Personal information
- Born: March 5, 1924 Columbia, South Carolina, U.S.
- Died: January 3, 1999 (aged 74) Green Cove Springs, Florida, U.S.
- Listed height: 6 ft 3 in (1.91 m)
- Listed weight: 193 lb (88 kg)

Career information
- High school: Panama City (FL)
- College: Mississippi Gulf Coast CC (1941–1942); Georgia Tech (1943, 1946–1947);
- NFL draft: 1948: 16th round, 145th overall pick

Career history
- Buffalo Bills (1948–1949);

Career AAFC statistics
- Punts: 63
- Punt yards: 2,439
- Passing yards: 175
- TD–INT: 2-4
- Passer rating: 51.4
- Stats at Pro Football Reference

= Jim Still =

American football player (1924–1999)

James Edward "Long Jim" Still Jr. (March 5, 1924 - January 3, 1999) was an American football player who played quarterback and punter. He played college football for Mississippi Gulf Coast College and Georgia Tech and professional football for the Buffalo Bills.

==Early life==
Still was born in 1924 in Columbia, South Carolina.

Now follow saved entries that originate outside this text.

Lemma dist3_le_of_cell_eq (h : R) (p q : pt3) :
  0 < h -> cell h p = cell h q -> dist3 p q <= 2 * h.
Proof.
  intros hh e; destruct p as [[x y] z], q as [[x' y'] z']; injection e as ex ey ez.
  assert (close : forall a b,
            Int_part (a / h) = Int_part (b / h) -> (a - b) * (a - b) <= h * h).
  { intros a b hab; apply Int_part_eq in hab.
    replace (a / h - b / h) with ((a - b) / h) in hab by (field; lra).
    unfold Rdiv in hab; rewrite Rabs_mult, Rabs_inv, (Rabs_right h) in hab by lra.
    apply (Rmult_lt_compat_r h) in hab; [|easy].
    rewrite Rmult_assoc, Rinv_l, Rmult_1_r, Rmult_1_l in hab by lra.
    apply Rabs_def2 in hab; nra. }
  apply close in ex, ey, ez; unfold dist3; apply norm3_le_iff; [lra|]; simpl; nra.
Qed.

Lemma dist3_sub3 (p q z : pt3) : dist3 (sub3 p z) (sub3 q z) = dist3 p q.
Proof. unfold dist3; rewrite !norm3_dot; f_equal; pt3_ring. Qed.

Lemma margin_pos (z : pt3) (l : list ball3) :
  (forall B, In B l -> ~ in_ball z B) ->
  exists d, 0 < d /\ forall B, In B l -> d <= dist3 z (center B) - radius B.
Proof.
  induction l as [|B l IH]; intros hout.
  - exists 1; split; [lra|intros B []].
  - destruct IH as (d & hd & hdl); [intros B' hB'; apply hout; now right|].
    assert (hB : radius B < dist3 z (center B)).
    { apply Rnot_le_lt; exact (hout B (or_introl eq_refl)). }
    exists (Rmin d (dist3 z (center B) - radius B)); split; [apply Rmin_pos; lra|].
    intros B' [<-|hB']; [apply Rmin_r|].
    apply (Rle_trans _ d); [apply Rmin_l|auto].
Qed.

Lemma approaching_balls_lists (F : ball3 -> Prop) (z : pt3) :
  (forall B, F B -> ~ in_ball z B) ->
  (forall d, 0 < d -> exists B y, F B /\ in_ball y B /\ dist3 y z < d) ->
  forall m : nat, exists l, NoDup l /\ length l = m /\
    forall B, In B l -> F B /\ exists y, in_ball y B /\ dist3 y z <= 1.
Proof.
  intros hout happ; induction m as [|m (l & hnd & hlen & hl)].
  - exists nil; split; [constructor|split; [easy|intros B []]].
  - destruct (margin_pos z l) as (d & hd & hdl); [intros B hB; apply hout, hl, hB|].
    destruct (happ (Rmin d 1)) as (B & y & hB & hy & hyz); [apply Rmin_pos; lra|].
    pose proof (Rmin_l d 1); pose proof (Rmin_r d 1).
    exists (B :: l); split; [|split].
    + constructor; [|easy]; intros hin; specialize (hdl B hin).
      pose proof (dist3_triangle z y (center B)); rewrite dist3C in hyz.
      rewrite in_ballE in hy; lra.
    + simpl; now rewrite hlen.
    + intros B' [<-|hB']; [split; [easy|exists y; split; [easy|lra]]|now apply hl].
Qed.

Lemma lub_approx (E : R -> Prop) (s eps : R) :
  is_lub E s -> 0 < eps -> exists t, E t /\ s - eps < t.
Proof.
  intros [hub hlub] heps; apply NNPP; intros hno.
  assert (s <= s - eps); [|lra].
  apply hlub; intros t ht; apply Rnot_lt_le; intros hlt; apply hno; now exists t.
Qed.

Lemma ball_subset_origin_of_le (B : ball3) (r : R) :
  norm3 (center B) + radius B <= r -> ball_subset_origin B r.
Proof.
  intros hB p hp; rewrite in_ballE in hp.
  pose proof (dist3_triangle p (center B) O3) as tri; rewrite !dist3_O3r in tri; lra.
Qed.

Lemma nat_ceil (x : R) : exists N : nat, x <= INR N.
Proof. destruct (INR_archimed 1 x) as [N hN]; [lra|exists N; lra]. Qed.

Lemma pow3_le_pow6_bound (m kappa sigma L : R) :
  0 < kappa -> 0 <= sigma -> 0 <= m -> 1 <= L -> m * kappa <= L ->
  m ^ 3 * sigma <= 4 * PI / 3 * sigma * L ^ 6 * / kappa ^ 3.
Proof.
  intros hk hs hm hL hmL.
  assert (hk3 : 0 < / kappa ^ 3) by (apply Rinv_0_lt_compat, pow_lt, hk).
  assert (hm3 : m ^ 3 = (m * kappa) ^ 3 * / kappa ^ 3)
    by (rewrite Rpow_mult_distr; field; lra).
  assert (h3 : (m * kappa) ^ 3 <= L ^ 3) by (apply pow_incr; nra).
  assert (h6 : L ^ 3 <= L ^ 6).
  { replace (L ^ 6) with (L ^ 3 * L ^ 3) by ring; pose proof (pow_R1_Rle L 3 hL); nra. }
  assert (hpi : 1 <= 4 * PI / 3) by (pose proof PI2_3_2; lra).
  assert (hL6 : 0 <= L ^ 6 * / kappa ^ 3 * sigma)
    by (repeat apply Rmult_le_pos; try apply pow_le; lra).
  rewrite hm3.
  apply (Rle_trans _ (L ^ 6 * / kappa ^ 3 * sigma)).
  - apply Rmult_le_compat_r, Rmult_le_compat_r; lra.
  - replace (4 * PI / 3 * sigma * L ^ 6 * / kappa ^ 3)
      with (4 * PI / 3 * (L ^ 6 * / kappa ^ 3 * sigma)) by ring; nra.
Qed.

Section Cover.

Variables (sigma eta : R) (C : ball3 -> Prop).
Hypothesis cover : is_cover sigma eta C.

Lemma cover_radius_ge1 (B : ball3) : C B -> 1 <= radius B.
Proof.
  destruct cover as (_ & hvol & _); intros hB; specialize (hvol B hB).
  unfold vol in hvol; pose proof PI_RGT_0.
  assert (h3 : 1 <= radius B ^ 3) by nra.
  destruct (Rle_or_lt 1 (radius B)) as [|hlt]; [easy|].
  destruct (Rle_or_lt (radius B) 0); simpl in h3; nra.
Qed.

Lemma cover_radius_le (B B' : ball3) :
  C B -> C B' -> balls_intersect B B' -> radius B <= eta * radius B'.
Proof.
  intros hB hB' hi; pose proof (cover_radius_ge1 B hB); pose proof (cover_radius_ge1 B' hB').
  destruct cover as (_ & _ & _ & hratio); destruct (hratio B B' hB hB' hi) as [_ hle].
  rewrite !cbrt_vol in hle by lra; pose proof cbrt_unit_vol_gt0.
  replace (cbrt_unit_vol * radius B / (cbrt_unit_vol * radius B'))
    with (radius B / radius B') in hle by (field; lra).
  apply Rmult_le_reg_r with (/ radius B'); [apply Rinv_0_lt_compat; lra|].
  rewrite Rmult_assoc, Rinv_r by lra; lra.
Qed.

Lemma cover_origin_ball : exists B0, C B0 /\ in_ball O3 B0.
Proof. now destruct cover as [hcov _]. Qed.

Lemma cover_eta_ge1 : 1 <= eta.
Proof.
  destruct cover_origin_ball as (B & hB & _); pose proof (cover_radius_ge1 B hB).
  pose proof (cover_radius_le B B hB hB (balls_intersect_refl B ltac:(lra))); nra.
Qed.

Lemma cover_clique_le (l : list ball3) :
  NoDup l -> (forall B, In B l -> C B) ->
  (forall B B', In B l -> In B' l -> balls_intersect B B') -> INR (length l) <= sigma.
Proof.
  intros hnd hC hi; destruct cover as (_ & _ & hdeg & _).
  destruct l as [|B l].
  - (* sigma >= 1, since a ball of the cover meets itself *)
    destruct cover_origin_ball as (B & hB & _); pose proof (cover_radius_ge1 B hB).
    apply (Rle_trans _ (INR (length (B :: nil)))); [simpl; lra|].
    apply (hdeg B hB); [repeat constructor; easy|].
    intros B' [<-|[]]; split; [easy|apply balls_intersect_refl; lra].
  - apply (hdeg B (hC B (or_introl eq_refl))); [easy|].
    intros B' hB'; split; [now apply hC|apply hi; simpl; auto].
Qed.

Lemma cover_count_grid (z : pt3) (h : R) (M : nat) (l : list ball3) :
  0 < h -> NoDup l ->
  (forall B, In B l -> C B /\
     exists w, dist3 w (center B) + h <= radius B /\ dist3 w z <= INR M * h) ->
  INR (length l) <= INR (2 * M + 2) ^ 3 * sigma.
Proof.
  intros hh hnd hl.
  set (inner B w := dist3 w (center B) + h <= radius B /\ dist3 w z <= INR M * h).
  set (wB B := epsilon (inhabits O3) (inner B)).
  assert (hw : forall B, In B l -> inner B (wB B))
    by (intros B hB; apply epsilon_spec, hl, hB).
  rewrite <- pow_INR, <- cube_length.
  apply (pigeonhole_length (fun B => cell h (sub3 (wB B) z))); [easy| |].
  - intros B hB; apply cell_in_cube; [easy|apply hw, hB].
  - intros k l' hnd' hl'; apply cover_clique_le; [easy| |].
    + intros B hB; apply hl, hl', hB.
    + intros B B' hB hB'; destruct (hl' B hB) as [hBl hk], (hl' B' hB') as [hBl' hk'].
      apply (balls_intersect_of_inner B B' (wB B) (wB B') h hh); try apply hw; auto.
      rewrite <- (dist3_sub3 _ _ z); apply dist3_le_of_cell_eq; [easy|congruence].
Qed.

Lemma cover_count_near (z : pt3) (l : list ball3) :
  NoDup l -> (forall B, In B l -> C B /\ exists y, in_ball y B /\ dist3 y z <= 1) ->
  INR (length l) <= 512 * sigma.
Proof.
  intros hnd hl; replace 512 with (INR (2 * 3 + 2) ^ 3) by (simpl; ring).
  apply (cover_count_grid z (/ 2)); [lra|easy|].
  intros B hB; destruct (hl B hB) as (hC & y & hy & hyz); split; [easy|].
  pose proof (cover_radius_ge1 B hC).
  destruct (inner_ball (center B) y (radius B) (/ 2)) as (w & hwy & hwc); [lra|easy|].
  exists w; split; [easy|].
  pose proof (dist3_triangle w y z); simpl; lra.
Qed.

Lemma cover_contains_near (z : pt3) :
  exists d, 0 < d /\ forall B y, C B -> in_ball y B -> dist3 y z < d -> in_ball z B.
Proof.
  destruct (classic (exists d, 0 < d /\
    forall B y, C B -> in_ball y B -> dist3 y z < d -> in_ball z B)) as [|hno]; [easy|].
  exfalso.
  assert (happ : forall d, 0 < d ->
    exists B y, (C B /\ ~ in_ball z B) /\ in_ball y B /\ dist3 y z < d).
  { intros d hd; apply NNPP; intros hnot; apply hno; exists d; split; [easy|].
    intros B y hB hy hyz; apply NNPP; intros hz; apply hnot; now exists B, y. }
  destruct (INR_archimed 1 (512 * sigma)) as [m hm]; [lra|].
  destruct (approaching_balls_lists _ z (fun B hB => proj2 hB) happ m)
    as (l & hnd & hlen & hl).
  assert (INR (length l) <= 512 * sigma).
  { apply (cover_count_near z l hnd); intros B hB.
    destruct (hl B hB) as [[hC _] hy]; now split. }
  rewrite hlen in *; lra.
Qed.
(* The normalizer of $\operatorname{IET}^{+}$ in $\operatorname{IET}^{\bowtie}$ is $\operatorname{IET}^{\pm}$.
   Context: $X=[0,1[$. $\widehat{\operatorname{IET}^{\bowtie}}$ is the group of bijections $f:X\to X$ for which there is a finite partition of $X$ into intervals $[a,b[$ such that on each $]a,b[$, $f$ has the form $x\mapsto x+c$ or $x\mapsto -x+c$; $\widehat{\operatorname{IET}^{+}}$ is the subgroup of those for which only the form $x\mapsto x+c$ occurs. With ${\mathfrak S}_{\mathrm{fin}}$ the normal subgroup of finitely supported permutations, $\operatorname{IET}^{\bowtie}=\widehat{\operatorname{IET}^{\bowtie}}/{\mathfrak S}_{\mathrm{fin}}$ and $\operatorname{IET}^{+}=\widehat{\operatorname{IET}^{+}}/{\mathfrak S}_{\mathrm{fin}}$. Let $\mathcal R\in\operatorname{IET}^{\bowtie}$ be the class of any bijection of $X$ agreeing with $x\mapsto 1-x$ outside a finite set. Define $\operatorname{IET}^{-}=\mathcal R\cdot\operatorname{IET}^{+}$ and $\operatorname{IET}^{\pm}=\operatorname{IET}^{+}\cup\operatorname{IET}^{-}$ (a subgroup). *)

From Stdlib Require Import Reals List.
Open Scope R_scope.

Definition X : Type := {x : R | 0 <= x < 1}.
Definition xval (x : X) : R := proj1_sig x.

He attended and played football at Panama City High School in Panama City, Florida.

==College football and military service==
He played college football at Mississippi Gulf Coast College and Georgia Tech. He also served in the United States Marine Corps. During World War II he took part in many invasions in the Philippine theater. He led the 1947 Georgia Tech Yellow Jackets football team to a 10–1 record, a No. 10 national ranking, and a victory while throwing 3 touchdown passes in the 1948 Orange Bowl.

==Professional football==
Still was selected by the Chicago Cardinals in the 16th round (145th overall pick) of the 1948 NFL draft but did not play for the Cardinals. He instead signed in January 1948 with the Los Angeles Dons of the All-America Football Conference (AAFC). In August 1948, the Dons traded Still to the Buffalo Bills. He played for the Bills during the 1948 and 1949 seasons, appearing in 21 AAFC games. He was on the team when the Bills advanced to the 1948 AAFC Championship Game against the Cleveland Browns. He and George Ratterman were the first quarterbacks to play in a championship game for the city of Buffalo. He went 6-of-18 for 80 yards with a touchdown and two interceptions in the 49–7 loss.

==Family and later years==
He died in 1999 at age 74 in Green Cove Springs, Florida.